=== Records ===
Lemma vsub_shift (X : RBanach) (x y M : X) (T t : R) :
  vsub (vsub x (vscal T y)) M = vadd (vsub x (vadd M (vscal t y))) (vscal (t - T) y).
Proof.
  unfold vsub. rewrite !vopp_scal, !vscalDr, !vscalA.
  rewrite (vaddA _ x (vscal (-1) M)), <- (vaddA _ (vadd x (vscal (-1) M))), <- vscalDl.
  rewrite <- (vaddA _ x), (vaddC _ (vscal (-1 * T) y)), vaddA. do 2 f_equal. ring.
Qed.

Lemma lin_sub (X : RBanach) (g : X -> R) (x y : X) : is_linear g -> g (vsub x y) = g x - g y.
Proof. intros [Ha Hs]. unfold vsub. rewrite Ha, vopp_scal, Hs. ring. Qed.

Lemma Rabs_le_both (a b : R) : a <= b -> - a <= b -> Rabs a <= b.
Proof. intros; unfold Rabs; destruct Rcase_abs; lra. Qed.

Lemma small_zero (a K : R) : 0 <= K -> (forall eps, 0 < eps -> Rabs a <= K * eps) -> a = 0.
Proof.
  intros HK H. destruct (Req_dec a 0) as [|Ha]; auto. exfalso.
  assert (Hp : 0 < Rabs a) by now apply Rabs_pos_lt.
  specialize (H (Rabs a / (2 * (K + 1))) ltac:(apply Rdiv_lt_0_compat; lra)).
  assert (K * (Rabs a / (2 * (K + 1))) <= Rabs a / 2).
  { apply (Rmult_le_reg_r (2 * (K + 1))); [lra|].
    replace (K * (Rabs a / (2 * (K + 1))) * (2 * (K + 1))) with (K * Rabs a) by (field; lra).
    nra. }
  lra.
Qed.

Lemma frac_le (a b : R) : 0 < a -> 0 <= b -> a / (2 * (b + 1)) * b <= a / 2.
Proof.
  intros. replace (a / (2 * (b + 1)) * b) with (a / 2 - a / (2 * (b + 1))) by (field; lra).
  assert (0 < a / (2 * (b + 1))) by (apply Rdiv_lt_0_compat; lra). lra.
Qed.

Lemma inv_small (eps : R) : 0 < eps -> exists N, forall k, (N <= k)%nat -> / (INR k + 1) < eps.
Proof.
  intros H. destruct (archimed_cor1 eps H) as [N [H1 H2]]. exists N. intros k Hk.
  apply Rle_lt_trans with (/ INR N); auto. apply Rinv_le_contravar.
  - now apply lt_0_INR.
  - apply le_INR in Hk. lra.
Qed.

Lemma rat_approx (a eps : R) : 0 < eps -> exists (p : Z) (n : nat), Rabs (a - IZR p / INR (S n)) < eps.
Proof.
  intros H. destruct (inv_small eps H) as [N HN]. specialize (HN N (le_n _)).
  set (M := INR (S N)). assert (HM : M = INR N + 1) by (unfold M; now rewrite S_INR).
  assert (M > 0) by (rewrite HM; pose proof (pos_INR N); lra).
  exists (Int_part (a * M)), N. destruct (base_Int_part (a * M)) as [B1 B2].
  fold M. rewrite <- HM in HN.
  assert (E : a - IZR (Int_part (a * M)) / M = (a * M - IZR (Int_part (a * M))) * / M) by (field; lra).
  rewrite E, Rabs_mult, (Rabs_right (/ M)) by (left; apply Rinv_0_lt_compat; lra).
  rewrite Rabs_right by lra. apply Rle_lt_trans with (1 * / M); [|lra].
  apply Rmult_le_compat_r; [left; apply Rinv_0_lt_compat|]; lra.
Qed.

(** * Well-founded recursion and cardinal comparison *)

Lemma Fix_unfold {A : Type} {wlt : A -> A -> Prop} (Hwf : well_founded wlt) (P : A -> Type)
  (F : forall x, (forall y, wlt y x -> P y) -> P x) (x : A) :
  Fix Hwf P F x = F x (fun y _ => Fix Hwf P F y).
Proof.
  apply Fix_eq. intros z f g Hfg. replace g with f; [reflexivity|].
  apply functional_extensionality_dep; intros y; apply functional_extensionality_dep; auto.
Qed.

Record well_order {I : Type} (lt : I -> I -> Prop) : Prop := {
  wo_trans : forall a b c, lt a b -> lt b c -> lt a c;
  wo_total : forall a b, lt a b \/ a = b \/ lt b a;
  wo_wf : well_founded lt }.

Definition seg {I : Type} (lt : I -> I -> Prop) (b : I) : Type := sub I (fun j => lt j b).
Definition segle {I : Type} (lt : I -> I -> Prop) (b : I) : Type := sub I (fun j => lt j b \/ j = b).

Definition fin (n : nat) : Type := seg Peano.lt n.

Lemma initial_ordinal_wo (I : Type) (lt : I -> I -> Prop) : initial_ordinal I lt -> well_order lt.
Proof. intros (_ & Htr & Htri & Hwf & _). now constructor. Qed.
(* $\mathfrak{t}((c_0^+\setminus \ell^1,\leq ^* ))=\mathfrak{t}$.
   Context: $c_0^+$ is the set of all sequences of positive reals converging to $0$, $\ell^1$ the set of real sequences with convergent sum, so $c_0^+\setminus\ell^1$ is the set of positive null sequences with divergent sum. For $\bar f,\bar g\in c_0^+\setminus\ell^1$, $\bar f\leq^*\bar g$ means $\{n: f_n>g_n\}$ is finite. For an ordering $P$, $\mathfrak{t}(P)$ is the least cardinal $\kappa$ such that there is a decreasing (well-ordered) chain of length $\kappa$ in $P$ with no lower bound in $P$. $\mathfrak{t}$ is the tower number, i.e. $\mathfrak{t}(([\omega]^\omega,\subseteq^* ))$: the least length of a $\subseteq^*$-decreasing well-ordered sequence of infinite subsets of $\omega$ with no infinite pseudo-intersection. *)

From Stdlib Require Import Reals Lra Wellfounded.
Open Scope R_scope.

Definition strict_wellorder (I : Type) (lt : I -> I -> Prop) : Prop :=
  (forall i, ~ lt i i) /\
  (forall i j k, lt i j -> lt j k -> lt i k) /\
  (forall i j, lt i j \/ i = j \/ lt j i) /\
  well_founded lt.

Definition unbounded_decreasing_chain (T : Type) (S : T -> Prop)
  (le : T -> T -> Prop) (I : Type) (lt : I -> I -> Prop) : Prop :=
  exists f : I -> T,
    (forall i, S (f i)) /\
    (forall i j, lt i j -> le (f j) (f i)) /\
    ~ (exists b, S b /\ forall i, le b (f i)).

(** [tower_le P Q] : every unbounded decreasing well-ordered chain in P can be
    matched by one in Q whose index set has cardinality at most that of P's.
    [t(P) = t(Q)] is expressed as [tower_le P Q /\ tower_le Q P]. *)
Definition tower_le (T1 : Type) (S1 : T1 -> Prop) (le1 : T1 -> T1 -> Prop)
  (T2 : Type) (S2 : T2 -> Prop) (le2 : T2 -> T2 -> Prop) : Prop :=
  forall (I : Type) (ltI : I -> I -> Prop),
    strict_wellorder I ltI ->
    unbounded_decreasing_chain T1 S1 le1 I ltI ->
    exists (J : Type) (ltJ : J -> J -> Prop),
      strict_wellorder J ltJ /\
      unbounded_decreasing_chain T2 S2 le2 J ltJ /\
      exists g : J -> I, forall x y, g x = g y -> x = y.
Lemma foff_xcoef (i j : 'I_n) : i != j -> foff F i j 1 = xcoef j.
Proof.
move=> hij; have [->//|hip] := eqVneq i (partner j).
by apply: foff_indep => //; rewrite eq_sym partner_neq.
Qed.

Lemma fdiagE (j : 'I_n) (mu : K) : fdiag F j mu = mu * xcoef j + alpha mu.
Proof.
rewrite /alpha; have [->|hj0] := eqVneq j 0; first by rewrite addrC subrK.
have := alpha_pairC F_add F_rc mu hj0.
by rewrite /alpha_pair !foff_xcoef // 1?eq_sym // => ->; rewrite addrC subrK.
Qed.

Lemma alpha_pairE (i j : 'I_n) (mu : K) : i != j -> alpha_pair F i j mu = alpha mu.
Proof. by move=> hij; rewrite /alpha_pair fdiagE foff_xcoef // addrC addKr. Qed.

Lemma alpha_root_linear : root_linear alpha.
Proof.
split=> [x y|lam x]; first by rewrite /alpha fdiagD //; ring.
have h0 : (ord_max : 'I_n) != 0 by [].
by rewrite mulrC -(alpha_pairE _ h0) alpha_pair_relation // alpha_pairE // eq_sym.
Qed.

Lemma rc_additive_form :
  forall M, symmetric_mx M -> F M = local_plus_diag (\col_j xcoef j) alpha M.
Proof.
have alpha0 : alpha 0 = 0 by rewrite /alpha mul0r subr0 /fdiag scale0r additive_on_sym0 // mxE.
apply: additive_on_sym_ext => //.
- by apply: local_plus_diag_additive; case: alpha_root_linear.
- move=> a i; apply/matrixP => p q; rewrite (ord1 q) F_deltaE // local_plus_diag_deltaE //.
  by rewrite mxE fdiagE.
- move=> b i j lt_ij; have hij : i != j by rewrite neq_ltn lt_ij.
  have hji : j != i by rewrite eq_sym.
  apply/matrixP => p q; rewrite (ord1 q) F_symEE // local_plus_diag_symEE // !mxE.
  by rewrite (foff_linear F_add F_rc b hij) (foff_linear F_add F_rc b hji) !foff_xcoef.
Qed.

End AdditiveRangeCompatibleForm.

Section RootLinear.
Variables (K : fieldType) (alpha : K -> K).
Hypothesis alpha_rl : root_linear alpha.

Lemma root_linear0 : alpha 0 = 0.
Proof. by case: alpha_rl => alphaD _; apply: (addrI (alpha 0)); rewrite -alphaD !addr0. Qed.

(* Outside characteristic 2, lam = -1 gives alpha x = - alpha x. *)
Lemma root_linear_char_neq2 : ~~ (2%N \in [pchar K]) -> forall x, alpha x = 0.
Proof.
move=> hch x; case: alpha_rl => _ alphaM.
have two_neq0 : (2%:R : K) != 0 by apply: contra hch => h; rewrite inE h.
have := alphaM (-1) x; rewrite sqrrN expr1n mul1r mulN1r => /eqP.
rewrite -addr_eq0 -mulr2n -mulr_natr mulf_eq0 (negbTE two_neq0) orbF.
exact/eqP.
Qed.

Lemma root_linear_homogeneous (lam : K) : lam != 0 -> lam != 1 ->
  (forall x, alpha x = x * alpha 1) -> forall x, alpha x = 0.
Proof.
move=> lam_neq0 lam_neq1 alpha_hom; case: alpha_rl => _ alphaM.
have : lam * (lam - 1) * alpha 1 = 0.
  by have := alphaM lam 1; rewrite mulr1 alpha_hom => e; rewrite mulrBr mulr1 mulrBl -expr2 e subrr.
move/eqP; rewrite !mulf_eq0 (negbTE lam_neq0) subr_eq0 (negbTE lam_neq1) /= => /eqP a1.
by move=> x; rewrite alpha_hom a1 mulr0.
Qed.

End RootLinear.

Lemma quad_form_char2 (K : fieldType) (n : nat) (M : 'M[K]_n) (y : 'I_n -> K) :
  2%N \in [pchar K] -> symmetric_mx M ->
  \sum_(i < n) \sum_(k < n) y i * M i k * y k = \sum_(i < n) y i ^+ 2 * M i i.
Proof.
move=> hch hM; rewrite sum_split_diag [X in _ + X]big1 ?addr0 => [|i _].
  by apply: eq_bigr => i _; rewrite expr2; ring.
apply: big1 => k _; rewrite (symmetric_mxP hM).
have -> : y k * M k i * y i = y i * M k i * y k by ring.
by rewrite -mulr2n -mulr_natr (pcharf0 hch) mulr0.
Qed.

(* In characteristic 2, (alpha(m_11), ..., alpha(m_nn))^T lies in the range
   of M: it is orthogonal to the kernel of M^T = M. *)
Lemma diag_in_range (K : fieldType) (n : nat) (alpha : K -> K) (M : 'M[K]_n) :
  2%N \in [pchar K] -> root_linear alpha -> symmetric_mx M ->
  exists Z, \col_(i < n) alpha (M i i) = M *m Z.
Proof.
move=> hch alpha_rl hM; have [alphaD alphaM] := alpha_rl.
set d := \col_(i < n) alpha (M i i).
suff /submxP [D dD] : (d^T <= M)%MS by exists D^T; rewrite -[d]trmxK dD trmx_mul hM.
rewrite submxE; apply/eqP/matrixP => r q; rewrite (ord1 r) [RHS]mxE mxE.
set C := cokermx M.
have MC0 i : \sum_(k < n) M i k * C k q = 0.
  by have /matrixP/(_ i q) := mulmx_coker M; rewrite !mxE.
rewrite (eq_bigr (fun j => alpha (C j q ^+ 2 * M j j))) => [|j _]; last first.
  by rewrite !mxE alphaM mulrC.
rewrite -(big_morph alpha alphaD (root_linear0 alpha_rl)).
rewrite -(quad_form_char2 (fun i => C i q) hch hM) big1 ?root_linear0 // => i _.
by under eq_bigr do rewrite -mulrA; rewrite -mulr_sumr MC0 mulr0.
Qed.

Lemma local_of_trivial_diag (K : fieldType) (n : nat) (F : 'M[K]_n -> 'cV[K]_n)
    (X : 'cV[K]_n) (alpha : K -> K) :
  (forall M, symmetric_mx M -> F M = local_plus_diag X alpha M) ->
  (forall x, alpha x = 0) -> local_sym F.
Proof.
move=> hF alpha0; exists X => M hM; rewrite hF // /local_plus_diag.
by rewrite [X in _ + X](_ : _ = 0) ?addr0 //; apply/matrixP => i j; rewrite !mxE alpha0.
Qed.

Lemma linear_form_alpha_hom (K : fieldType) (n : nat) (F : 'M[K]_n.+1 -> 'cV[K]_n.+1)
    (X : 'cV[K]_n.+1) (alpha : K -> K) :
  root_linear alpha -> linear_on_sym F ->
  (forall M, symmetric_mx M -> F M = local_plus_diag X alpha M) ->
  forall x, alpha x = x * alpha 1.
Proof.
move=> alpha_rl [_ F_lin] hF x.
have alpha0 := root_linear0 alpha_rl.
have /matrixP/(_ 0 0) := F_lin x _ (symmetric_delta 1 (0 : 'I_n.+1)).
rewrite scalerA mulr1 [RHS]mxE !hF; try exact: symmetric_delta.
rewrite !local_plus_diag_deltaE //=.
by rewrite mul1r mulrDr => /addrI.
Qed.
(* Fix integers $d,k\ge0$ and $n\ge1$, and let $f:\mathfrak{S}_n\to\mathbb{R}$ be a (real) linear combination of indicators $1_{IJ}$ with each partial permutation $(I,J)$ of size at most $k$. Then for $\lambda\vdash n$, $\mathbb{E}_\lambda[f^d]$ depends on $\lambda$ only through $m_1(\lambda),m_2(\lambda),\dots,m_{kd}(\lambda)$. In particular, if $m_i(\lambda)=0$ for all $i\in[kd]$ (and $kd<n$ is not required), then $\mathbb{E}_\lambda[f^d]=\mathbb{E}_{(n)}[f^d]$, where $(n)$ denotes the partition with a single part $n$.
   Context: A partial permutation of size $k$ in $\mathfrak{S}_n$ is a pair $(I,J)$ of $k$-tuples $I=(i_1,\dots,i_k)$, $J=(j_1,\dots,j_k)$, each with distinct entries in $[n]$; $1_{IJ}(\pi)=1$ if $\pi(i_\ell)=j_\ell$ for all $\ell$ and $0$ otherwise. For $\lambda\vdash n$, $\mathbb{E}_\lambda$ is expectation under the uniform distribution on permutations of cycle type $\lambda$, and $m_i(\lambda)$ is the number of parts of $\lambda$ equal to $i$. *)

From mathcomp Require Import all_boot all_order all_algebra all_fingroup.
Set Implicit Arguments. Unset Strict Implicit. Unset Printing Implicit Defensive.
Import Order.TTheory GRing.Theory Num.Theory.
Local Open Scope ring_scope.

Definition partial_perm (n k : nat) (IJ : seq 'I_n * seq 'I_n) : bool :=
  [&& size IJ.1 == k, size IJ.2 == k, uniq IJ.1 & uniq IJ.2].

Definition ind_pp (R : nzRingType) (n : nat) (IJ : seq 'I_n * seq 'I_n)
    (pi : {perm 'I_n}) : R :=
  (all (fun ij : 'I_n * 'I_n => pi ij.1 == ij.2) (zip IJ.1 IJ.2))%:R.

Definition lin_comb_pp (R : nzRingType) (n k : nat) (f : {perm 'I_n} -> R) : Prop :=
  exists s : seq (R * (seq 'I_n * seq 'I_n)),
    (forall t, t \in s -> exists2 l, (l <= k)%N & partial_perm l t.2) /\
    forall pi, f pi = \sum_(t <- s) t.1 * ind_pp R t.2 pi.

Definition is_partition (n : nat) (la : seq nat) : bool :=
  [&& sorted geq la, all (fun x => 0 < x)%N la & sumn la == n].

(* cycle type of a permutation (including fixed points as 1-cycles) *)
Definition cycle_type (n : nat) (pi : {perm 'I_n}) : seq nat :=
  sort geq [seq #|c| | c : {set 'I_n} <- enum (porbits pi)].

Definition mult (i : nat) (la : seq nat) : nat := count_mem i la.

Definition Exp_ct (R : fieldType) (n : nat) (la : seq nat)
    (g : {perm 'I_n} -> R) : R :=
  (\sum_(pi : {perm 'I_n} | cycle_type pi == la) g pi)
    / (#|[set pi : {perm 'I_n} | cycle_type pi == la]|)%:R.

From mathcomp Require Import all_boot all_order all_algebra all_fingroup.
Set Implicit Arguments. Unset Strict Implicit. Unset Printing Implicit Defensive.
Import GRing.Theory Num.Theory.

(* Expanding [f ^+ d], it is a combination of indicators [extends p A] of
   partial maps [A] with at most [k d] edges.  Summing such an indicator over
   the conjugates of [p] gives the number [nembeds p A] of permutations [s]
   with [p (s x) = s y] for every edge [(x, y)] of [A], and the point is that
   this number only depends on the numbers [cyc_pts p c] of points on
   [c]-cycles of [p] for [c <= #|A|].  If [A] has an edge [(u, v)] whose end
   [v] starts no edge, sorting the solutions for [A] minus that edge by the
   image of [u] relates [nembeds p A] to relations of smaller support.
   Otherwise [A] is the graph of a permutation [t] of its domain, and an
   [s] is built one cycle of [t] at a time: a [c]-cycle through [u] is mapped
   onto a [c]-cycle of [p] not yet used, determined by the image of [u],
   which leaves [cyc_pts p c] minus the points already used as choices. *)

Section PermCounting.
Variable T : finType.

Lemma perm_extend (S : {set T}) (F : T -> T) :
  {in S &, injective F} -> exists p : {perm T}, {in S, p =1 F}.
Proof.
move: {2}#|S| (leqnn #|S|) => m; elim: m S => [|m IH] S.
  rewrite leqn0 cards_eq0 => /eqP -> _; exists 1%g => x; by rewrite inE.
move=> leSm injF; case: (set_0Vmem S) => [-> | [x xS]].
  by exists 1%g => y; rewrite inE.
have leS'm : #|S :\ x| <= m by rewrite (cardsD1 x S) xS add1n ltnS in leSm.
have [p1 p1F] := IH _ leS'm (sub_in2 (fun y => @subsetP _ _ _ (subD1set S x) y) injF).
exists (p1 * tperm (p1 x) (F x))%g => y yS; rewrite permM.
case: (eqVneq y x) => [-> | neyx]; first by rewrite tpermL.
have yS' : y \in S :\ x by rewrite !inE neyx.
rewrite (p1F y yS') tpermD //.
  by rewrite -(p1F y yS'); apply/eqP => /perm_inj /eqP; rewrite eq_sym (negPf neyx).
by apply/eqP => /(injF _ _ xS yS) /eqP; rewrite eq_sym (negPf neyx).
Qed.

(* The extensions form a coset of the permutations of the complement. *)
Lemma card_perm_extend (S : {set T}) (F : T -> T) :
  {in S &, injective F} ->
  #|[set p : {perm T} | [forall x in S, p x == F x]]| = (#|T| - #|S|)`!.
Proof.
move=> injF; have [p0 p0F] := perm_extend injF.
have -> : [set p : {perm T} | [forall x in S, p x == F x]] =
          [set (q * p0)%g | q in [set q | perm_on (~: S) q]].
  apply/setP => p; rewrite inE; apply/idP/idP.
  - move=> /forall_inP pF; apply/imsetP; exists (p * p0^-1)%g; last first.
      by rewrite -mulgA mulVg mulg1.
    rewrite inE; apply/subsetP => x; rewrite !inE; apply: contraNN => xS.
    by rewrite permM (eqP (pF _ xS)) -p0F // permK.
  - move=> /imsetP [q]; rewrite inE => qC ->; apply/forall_inP => x xS.
    by rewrite permM (out_perm qC) ?inE ?negbK // p0F.
rewrite card_imset; last exact: mulIg.
by rewrite cardsE card_perm -(cardsC S) addKn.
Qed.

Lemma card_perm_on_set (A : {set T}) : #|[set w : {perm T} | perm_on A w]| = #|A|`!.
Proof. by rewrite -card_perm; apply: eq_card => w; rewrite inE. Qed.

Lemma card_set_mulg (w : {perm T}) (P : pred {perm T}) :
  #|[set s | P (w * s)%g]| = #|[set s | P s]|.
Proof.
rewrite -(card_imset _ (mulgI w)); apply: eq_card => s; rewrite !inE.
apply/imsetP/idP => [[s' ]|Ps]; first by rewrite inE => Pws' ->.
by exists (w^-1 * s)%g; rewrite ?inE mulgA mulgV mul1g.
Qed.

Lemma card_set_invg (P : pred {perm T}) : #|[set s | P (s^-1)%g]| = #|[set s | P s]|.
Proof.
rewrite -(card_imset _ (@invg_inj _)); apply: eq_card => s; rewrite !inE.
apply/imsetP/idP => [[s']|Ps]; first by rewrite inE => Ps' ->.
by exists (s^-1)%g; rewrite ?inE invgK.
Qed.

Lemma sum_nat_bool (P Q : pred T) :
  \sum_(x | P x) (Q x : nat) = #|[set x | P x && Q x]|.
Proof. by rewrite -sum1dep_card big_mkcondr /=; apply: eq_bigr => x _; case: (Q x). Qed.

End PermCounting.

Section CyclePoints.
Variable T : finType.
Implicit Types p s : {perm T}.

(* [c * m_c(p)] in the notation of the paper, see [cyc_pts_porbits]. *)
Definition cyc_pts p c := #|[set x | #|porbit p x| == c]|.

Definition same_cyc_pts (K : nat) p p' := forall c, 0 < c <= K -> cyc_pts p c = cyc_pts p' c.

Lemma porbit_iterP p x y : reflect (exists i, y = iter i p x) (y \in porbit p x).
Proof.
by apply: (iffP (porbitP _ _ _)) => -[i ->]; exists i; rewrite permX.
Qed.

Lemma mem_porbit_iter p x i : iter i p x \in porbit p x.
Proof. by apply/porbit_iterP; exists i. Qed.

Lemma porbitJ p s x : porbit (p ^ s)%g (s x) = s @: porbit p x.
Proof.
apply/setP => y; apply/porbitP/imsetP.
- move=> [i ->]; exists ((p ^+ i)%g x); first exact: mem_porbit.
  by rewrite -conjXg permJ.
- move=> [z /porbitP [i ->] ->]; exists i; by rewrite -conjXg permJ.
Qed.

Lemma cyc_ptsJ p s c : cyc_pts (p ^ s)%g c = cyc_pts p c.
Proof.
rewrite /cyc_pts -[RHS](card_imset _ (@perm_inj _ s)); apply: eq_card => x.
rewrite inE -{1}(permKV s x) porbitJ card_imset; last exact: perm_inj.
by rewrite -{2}(permKV s x) mem_imset ?inE //; apply: perm_inj.
Qed.

Lemma cyc_pts_porbits p c : cyc_pts p c = c * #|[set C in porbits p | #|C| == c]|.
Proof.
rewrite /cyc_pts -sum1dep_card.
rewrite (partition_big (porbit p) (mem (porbits p))) => [|x _]; last exact: imset_f.
rewrite -sum1dep_card big_distrr /= big_mkcond [RHS]big_mkcond /=.
apply: eq_bigr => C _; case: (boolP (C \in porbits p)) => //= /imsetP [y _ ->].
rewrite sum1dep_card.
have -> : [set x | (#|porbit p x| == c) && (porbit p x == porbit p y)] =
          [set x in porbit p y | #|porbit p y| == c].
  apply/setP => x; rewrite !inE eq_porbit_mem andbC.
  case: (boolP (x \in porbit p y)) => //= xy.
  by rewrite -eq_porbit_mem in xy; rewrite (eqP xy).
case: ifP => [/eqP <-|_]; last by apply: eq_card0 => x; rewrite !inE andbF.
by rewrite muln1; apply: eq_card => x; rewrite !inE andbT.
Qed.

Lemma iter_mod (f : T -> T) x c :
  iter c f x = x -> forall j, iter j f x = iter (j %% c) f x.
Proof.
move=> fcx j; rewrite {1}(divn_eq j c) addnC iterD; congr (iter _ f _).
by elim: (j %/ c) => [|k IH]; rewrite ?mul0n // mulSn iterD IH fcx.
Qed.

Lemma card_porbit_cycle p y c :
  0 < c -> iter c p y = y -> uniq (traject p y c) -> #|porbit p y| = c.
Proof.
move=> c_gt0 pcy uniq_tr; rewrite -[RHS](size_traject p y) -(card_uniqP uniq_tr).
apply: eq_card => z; apply/porbit_iterP/trajectP => [[i ->]|[i _ ->]]; last by exists i.
by exists (i %% c); [rewrite ltn_pmod | apply: iter_mod].
Qed.

End CyclePoints.

Section ConjugateOn.
Variable T : finType.
Implicit Types (p t s q w : {perm T}) (D : {set T}).

Definition conj_on p t D s := [forall x in D, p (s x) == s (t x)].
Definition nconj_on p t D := #|[set s | conj_on p t D s]|.

Lemma iter_homo_in t D : {homo t : x / x \in D} -> forall i x, x \in D -> iter i t x \in D.
Proof. by move=> tD; elim=> [|i IH] x xD //=; apply/tD/IH. Qed.

Lemma conj_on_iter p t D s : {homo t : x / x \in D} -> conj_on p t D s ->
  forall i x, x \in D -> iter i p (s x) = s (iter i t x).
Proof.
move=> tD /forall_inP pst; elim=> [|i IH] x xD //=.
by rewrite IH // (eqP (pst _ (iter_homo_in tD i xD))).
Qed.

Lemma card_porbit_conj_on p t D s : {homo t : x / x \in D} -> conj_on p t D s ->
  forall x, x \in D -> #|porbit p (s x)| = #|porbit t x|.
Proof.
move=> tD pst x xD; have -> : porbit p (s x) = s @: porbit t x.
  apply/setP => y; apply/porbit_iterP/imsetP.
  - by move=> [i ->]; exists (iter i t x); rewrite ?mem_porbit_iter ?(conj_on_iter tD pst).
  - by move=> [z /porbit_iterP [i ->] ->]; exists i; rewrite (conj_on_iter tD pst).
by rewrite card_imset //; apply: perm_inj.
Qed.

Section OrbitStep.
Variables (p t : {perm T}) (D : {set T}) (u : T).
Hypothesis tD : {homo t : x / x \in D}.
Hypothesis uD : u \in D.
Local Notation E := (porbit t u).
Local Notation D' := (D :\: porbit t u).
Local Notation c := #|porbit t u|.
Local Notation orb := (traject t u #|porbit t u|).

Lemma orbit_subset : E \subset D.
Proof. by apply/subsetP => x /porbit_iterP [i ->]; apply: iter_homo_in. Qed.

Lemma homo_rest : {homo t : x / x \in D'}.
Proof.
move=> x; rewrite !inE => /andP [xE xD]; rewrite tD // andbT; apply: contra xE => txE.
have : porbit t (t x) = porbit t u by apply/eqP; rewrite eq_porbit_mem.
have -> : t x = (t ^+ 1)%g x by rewrite expg1.
by rewrite porbit_perm => <-; apply: porbit_id.
Qed.

Lemma conj_on_split s : conj_on p t D s = conj_on p t D' s && conj_on p t E s.
Proof.
apply/forall_inP/andP => [pst|[/forall_inP pst' /forall_inP pstE] x xD].
  by split; apply/forall_inP => x xD; apply: pst;
    [move: xD; rewrite inE => /andP [] | exact: (subsetP orbit_subset)].
by case: (boolP (x \in E)) => xE; [apply: pstE | apply: pst'; rewrite inE xE].
Qed.

Lemma index_iter_orbit j : index (iter j t u) orb = j %% c.
Proof.
have c_gt0 : 0 < c by rewrite lt0n card_porbit_neq0.
rewrite (iter_mod (iter_porbit t u)) -(@nth_traject _ t _ _ (ltn_pmod j c_gt0) u).
by rewrite index_uniq ?size_traject ?ltn_pmod ?uniq_traject_porbit.
Qed.

Lemma iter_index_orbit x : x \in E -> x = iter (index x orb) t u.
Proof.
rewrite porbit_traject => xorb.
have lt_ic : index x orb < c by move: (xorb); rewrite -index_mem size_traject.
by rewrite -(@nth_traject _ t _ _ lt_ic u) nth_index.
Qed.

Lemma conj_orbit_iter q : conj_on p t E q -> forall i, q (iter i t u) = iter i p (q u).
Proof.
move=> /forall_inP pqt; elim=> [|i IH] //=.
by rewrite -IH (eqP (pqt _ (mem_porbit_iter _ _ _))).
Qed.

Definition ncyc_rest := #|[set x in D' | #|porbit t x| == c]|.

Section FixedRest.
Variable s : {perm T}.
Hypothesis pst : conj_on p t D' s.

=== Task goal ===
Extract from the material all lines containing the string "porbitP".

=== Answer area ===
by apply: (iffP (porbitP _ _ _)) => -[i ->]; exists i; rewrite permX.
apply/setP => y; apply/porbitP/imsetP.
- move=> [z /porbitP [i ->] ->]; exists i; by rewrite -conjXg permJ.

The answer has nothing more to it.